• [WHAT TO WORK ON]
Pick each line containing the word "inord" out of the data below.

(Collected data entries)
(** * Boundary behaviour *)

Lemma PSeries_at_left_1 p : CV_disk p 1 -> Rbar_le 1 (CV_radius p) ->
  filterlim (PSeries p) (at_left 1) (locally (PSeries p 1)).
Proof.
  intros Hd Hr. destruct (Rbar_lt_dec 1 (CV_radius p)) as [Hlt|Hnlt].
  - apply (filterlim_filter_le_1 (F := locally 1)); [apply filter_le_within|].
    apply continuity_pt_filterlim, PSeries_continuity. rewrite Rabs_R1. auto.
  - assert (Heq : CV_radius p = Finite 1) by (apply Rbar_le_antisym; auto; apply Rbar_not_lt_le; auto).
    pose proof (Abel p) as HA. rewrite Heq in HA. simpl in HA. apply HA; simpl; auto.
    + lra.
    + apply CV_disk_correct. auto.
Qed.

Lemma sin_at_left_PI2 : filterlim sin (at_left (PI / 2)) (at_left 1).
Proof.
  intros P HP.
  assert (Hc : filterlim sin (locally (PI / 2)) (locally 1)).
  { rewrite <- sin_PI2. apply continuity_pt_filterlim, continuity_sin. }
  assert (Hpos : locally (PI / 2) (fun y => 0 < y)).
  { pose proof PI_RGT_0. apply (locally_interval _ _ (Finite 0) p_infty); simpl; auto. lra. }
  specialize (Hc _ HP). unfold filtermap, at_left, within in *.
  generalize (filter_and _ _ Hc Hpos). apply filter_imp.
  intros y [H1 H2] H3. apply H1. pose proof (Rabs_sin_lt_1 y ltac:(split; lra)) as Hs.
  apply Rabs_def2 in Hs. lra.
Qed.

Lemma opp_sin_at_right_mPI2 : filterlim (fun y => - sin y) (at_right (- PI / 2)) (at_left 1).
Proof.
  intros P HP.
  assert (Hc : filterlim (fun y => - sin y) (locally (- PI / 2)) (locally 1)).
  { replace 1 with (- sin (- PI / 2)).
    - apply (continuity_pt_filterlim (fun y => - sin y)), continuity_pt_opp, continuity_sin.
    - replace (- PI / 2) with (- (PI / 2)) by field. rewrite sin_neg, sin_PI2. ring. }
  assert (Hneg : locally (- PI / 2) (fun y => y < 0)).
  { pose proof PI_RGT_0. apply (locally_interval _ _ m_infty (Finite 0)); simpl; auto. lra. }
  specialize (Hc _ HP). unfold filtermap, at_right, within in *.
  generalize (filter_and _ _ Hc Hneg). apply filter_imp.
  intros y [H1 H2] H3. apply H1. pose proof (Rabs_sin_lt_1 y ltac:(split; lra)) as Hs.
  apply Rabs_def2 in Hs. lra.
Qed.

Section Boundary.

Variables (p : nat -> R) (F : R -> R).
Hypothesis Hdisk : CV_disk p 1.
Hypothesis Hradius : Rbar_le 1 (CV_radius p).
Hypothesis HF : forall y, I_half y -> y <> 0 -> F y = PSeries p (sin y).

Lemma is_lim_PSeries_sin_0 : is_lim F 0 (PSeries p (sin 0)).
Proof.
  apply is_lim_ext_loc with (fun y => PSeries p (sin y)).
  - simpl. unfold locally', within.
    apply filter_imp with I_half; [intros y Hy Hy0; symmetry; apply HF; auto|].
    apply locally_I_half. pose proof PI_RGT_0. split; lra.
  - assert (Hc : continuity_pt (fun y => PSeries p (sin y)) 0).
    { apply continuity_pt_filterlim.
      apply (@ex_derive_continuous R_AbsRing R_NormedModule (fun y => PSeries p (sin y)) 0).
      auto_derive. apply ex_derive_PSeries_sin; auto. pose proof PI_RGT_0. split; lra. }
    exact (is_lim_continuity _ 0 Hc).
Qed.

Lemma PSeries_sin_at_left_PI2 : filterlim F (at_left (PI / 2)) (locally (PSeries p (sin (PI / 2)))).
Proof.
  pose proof PI_RGT_0. rewrite sin_PI2.
  apply filterlim_ext_loc with (fun y => PSeries p (sin y)).
  - unfold at_left, within. apply filter_imp with (fun y => 0 < y).
    + intros y Hy Hy1. symmetry. apply HF; [split|]; lra.
    + apply (locally_interval _ _ (Finite 0) p_infty); simpl; auto. lra.
  - eapply filterlim_comp; [apply sin_at_left_PI2|apply PSeries_at_left_1; auto].
Qed.

Hypothesis Heven : forall x, PSeries p (- x) = PSeries p x.

Lemma PSeries_sin_at_right_mPI2 :
  filterlim F (at_right (- PI / 2)) (locally (PSeries p (sin (- PI / 2)))).
Proof.
  pose proof PI_RGT_0.
  replace (- PI / 2) with (- (PI / 2)) at 2 by field. rewrite sin_neg, Heven, sin_PI2.
  apply filterlim_ext_loc with (fun y => PSeries p (- sin y)).
  - unfold at_right, within. apply filter_imp with (fun y => y < 0).
    + intros y Hy Hy1. rewrite HF, Heven; [|split|]; lra.
    + apply (locally_interval _ _ m_infty (Finite 0)); simpl; auto. lra.
  - eapply filterlim_comp; [apply opp_sin_at_right_mPI2|apply PSeries_at_left_1; auto].
Qed.

End Boundary.

Theorem theorem3p1 (n : nat) (s : list nat) :
  s <> nil -> List.Forall (fun k => (1 <= k)%nat) s ->
  (* both multiple series converge on [-pi/2, pi/2] *)
  (forall y, - PI / 2 <= y <= PI / 2 ->
     ex_finite_lim_seq (trunc true s n (sin y)) /\
     ex_finite_lim_seq (trunc false s n (sin y))) /\
  (* the identities, pointwise for 0 < |y| < pi/2 *)
  (forall y, - PI / 2 < y < PI / 2 -> y <> 0 ->
     msum true s n (sin y) = RHS1 n s y /\
     msum false s n (sin y) = RHS2 n s y) /\
  (* at y = 0 (removable singularity) as limits *)
  is_lim (RHS1 n s) 0 (msum true s n (sin 0)) /\
  is_lim (RHS2 n s) 0 (msum false s n (sin 0)) /\
  (* at y = +- pi/2 as one-sided limits *)
  filterlim (RHS1 n s) (at_left (PI / 2)) (locally (msum true s n (sin (PI / 2)))) /\
  filterlim (RHS2 n s) (at_left (PI / 2)) (locally (msum false s n (sin (PI / 2)))) /\
  filterlim (RHS1 n s) (at_right (- PI / 2)) (locally (msum true s n (sin (- PI / 2)))) /\
  filterlim (RHS2 n s) (at_right (- PI / 2)) (locally (msum false s n (sin (- PI / 2)))).
Proof.
  intros Hne Hs.
  assert (Hsin : forall y, Rabs (sin y) <= 1) by (intros; apply Rabs_le, SIN_bound).
  assert (Hmsum : forall b y, msum b s n (sin y) = PSeries (acoefPS (mcoef b n s)) (sin y))
    by (intros; apply msum_PSeries; auto).
  destruct (acoefPS_mcoef_CV_disk true n s Hs) as [Hd1 Hr1].
  destruct (acoefPS_mcoef_CV_disk false n s Hs) as [Hd2 Hr2].
  pose proof (fun y => RHS1_PSeries n s y Hs) as HR1.
  pose proof (fun y => RHS2_PSeries n s y Hs) as HR2.
  rewrite !Hmsum.
  split; [|split; [|split; [|split; [|split; [|split; [|split]]]]]].
  - intros y Hy. split; eexists; apply is_lim_seq_trunc; auto.
  - intros y Hy Hy0. rewrite HR1, HR2; auto.
  - exact (is_lim_PSeries_sin_0 _ _ Hr1 HR1).
  - exact (is_lim_PSeries_sin_0 _ _ Hr2 HR2).
  - exact (PSeries_sin_at_left_PI2 _ _ Hd1 Hr1 HR1).
  - exact (PSeries_sin_at_left_PI2 _ _ Hd2 Hr2 HR2).
  - exact (PSeries_sin_at_right_mPI2 _ _ Hd1 Hr1 HR1 (PSeries_evenPS_opp _)).
  - exact (PSeries_sin_at_right_mPI2 _ _ Hd2 Hr2 HR2 (PSeries_evenPS_opp _)).
Qed.
Lemma Phi_sub_cvg1 n (q z : C) (t : 'I_4 -> C) (u0 u1 : C) (alpha : 'I_6 -> R) (zeta : R) :
  1 < normc q ->
  (forall i : 'I_6, 0 < 1 + alpha i + zeta /\ 0 < alpha i - zeta) ->
  0 < 1 + zeta - alpha (inord 4) -> 0 < - alpha (inord 4) - zeta ->
  Phi_sub n q z t u0 u1 alpha zeta p @[p --> 0^'+] --> (1 : C).
Proof.
move=> hq ha h1 h2.
have hq' : 0 < normc q^-1 < 1 by rewrite Normc.normcV invr_gt0 invf_lt1 ?(lt_trans ltr01) ?hq.
have qp := fun X => qpoch2_cvg1 X _ hq'.
rewrite /Phi_sub /Phi; apply: cvgM1; apply: cvgV1.
  by apply: cvg1_prod => k; apply: cvgM1; apply: qpoch_cvg1; [exact: cvg0_pBz_A | exact: cvg0_B_Az].
apply: cvgM1; last first.
  apply: cvg1_prod => r; have [] := ha (ord4to6 r) => r1 r2.
  by apply: cvgM1; apply: qp; [exact: cvg0_pAz_B | exact: cvg0_A_Bz].
have [] := ha (inord 4) => a1 a2; have [] := ha (inord 5) => b1 b2.
by apply: cvgM1; [apply: cvgM1; [apply: cvgM1|]|]; apply: qp;
  (exact: cvg0_pAz_B || exact: cvg0_A_Bz).
Qed.

Lemma cvgC_unique {T : Type} {F : set_system T} {FF : ProperFilter F} {f : T -> C} {a b : C} :
  f t @[t --> F] --> a -> f t @[t --> F] --> b -> a = b.
Proof. exact: cvg_unique. Qed.

Lemma has_lc_cvg1 {F : R -> C} {v : R} {c : C} :
  F p @[p --> 0^'+] --> (1 : C) -> has_lc F v c -> c = 1.
Proof.
move=> hF [c0 hc].
have [v0|v0|v0] := ltgtP v 0.
- have : (F p / cpow p v) @[p --> 0^'+] --> (1 * 0 : C).
    under eq_fun do rewrite -cpowN.
    by apply: cvgM; [exact: hF | apply: cpow_cvg0; rewrite oppr_gt0].
  by rewrite mul1r => /(cvgC_unique hc) c_eq0; rewrite c_eq0 eqxx in c0.
- have : F p @[p --> 0^'+] --> (0 : C).
    have : (F p / cpow p v * cpow p v) @[p --> 0^'+] --> (c * 0 : C).
      by apply: cvgM; [exact: hc | exact: cpow_cvg0].
    rewrite mulr0; apply: cvg_trans; apply: near_eq_cvg; near=> p.
    by rewrite divfK // cpow_neq0 //; near: p; exact: nbhs_right_gt.
  by move=> /(cvgC_unique hF) /eqP; rewrite oner_eq0.
- rewrite v0 in hc; apply: (cvgC_unique hc).
  have -> : (fun p => F p / cpow p 0) = F by apply/funext => p; rewrite cpow0 divr1.
  exact: hF.
Unshelve. all: by end_near.
Qed.

End LeadingCoefficient.

Theorem proposition4p3 (R : realType) (n : nat) (q : Cx R)
  (t : 'I_4 -> Cx R) (u0 u1 : Cx R) (alpha : 'I_6 -> R) (zeta : R) :
  1 < `|q| ->
  (forall r, t r != 0) -> u0 != 0 -> u1 != 0 ->
  inP alpha zeta ->
  (forall r : 'I_6, alpha r + 1/2 != `|zeta + 1/2|) ->
  alpha (inord 4) + `|zeta + 1/2| < 1/2 ->
  forall (z1 z2 : Cx R) (v1 v2 : R) (c1 c2 : Cx R),
    z1 != 0 -> z2 != 0 ->
    has_lc (Phi_sub n q z1 t u0 u1 alpha zeta) v1 c1 ->
    has_lc (Phi_sub n q z2 t u0 u1 alpha zeta) v2 c2 ->
    c1 = c2.
Proof.
move=> hq _ _ _ [_ _ halpha _ _] hne h4 z1 z2 v1 v2 c1 c2 _ _ hl1 hl2.
have hq' : 1 < Normc.normc q by rewrite -ltcR -normcE.
have := ler_norm (zeta + 1/2); have := ler_norm (- (zeta + 1/2)); rewrite normrN => hs1 hs2.
have ha i : 0 < 1 + alpha i + zeta /\ 0 < alpha i - zeta.
  have := halpha i; rewrite [1/2 + _]addrC => hi.
  have : `|zeta + 1/2| < alpha i + 1/2 by rewrite lt_neqAle eq_sym hne /=; lra.
  by split; lra.
have hb1 : 0 < 1 + zeta - alpha (inord 4) by lra.
have hb2 : 0 < - alpha (inord 4) - zeta by lra.
have Phi1 z := @Phi_sub_cvg1 R n q z t u0 u1 alpha zeta hq' ha hb1 hb2.
by rewrite (has_lc_cvg1 _ (Phi1 z1) hl1) (has_lc_cvg1 _ (Phi1 z2) hl2).
Qed.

• [SOLUTION FOR THIS PROBLEM]
  0 < 1 + zeta - alpha (inord 4) -> 0 < - alpha (inord 4) - zeta ->
have [] := ha (inord 4) => a1 a2; have [] := ha (inord 5) => b1 b2.
  alpha (inord 4) + `|zeta + 1/2| < 1/2 ->
have hb1 : 0 < 1 + zeta - alpha (inord 4) by lra.
have hb2 : 0 < - alpha (inord 4) - zeta by lra.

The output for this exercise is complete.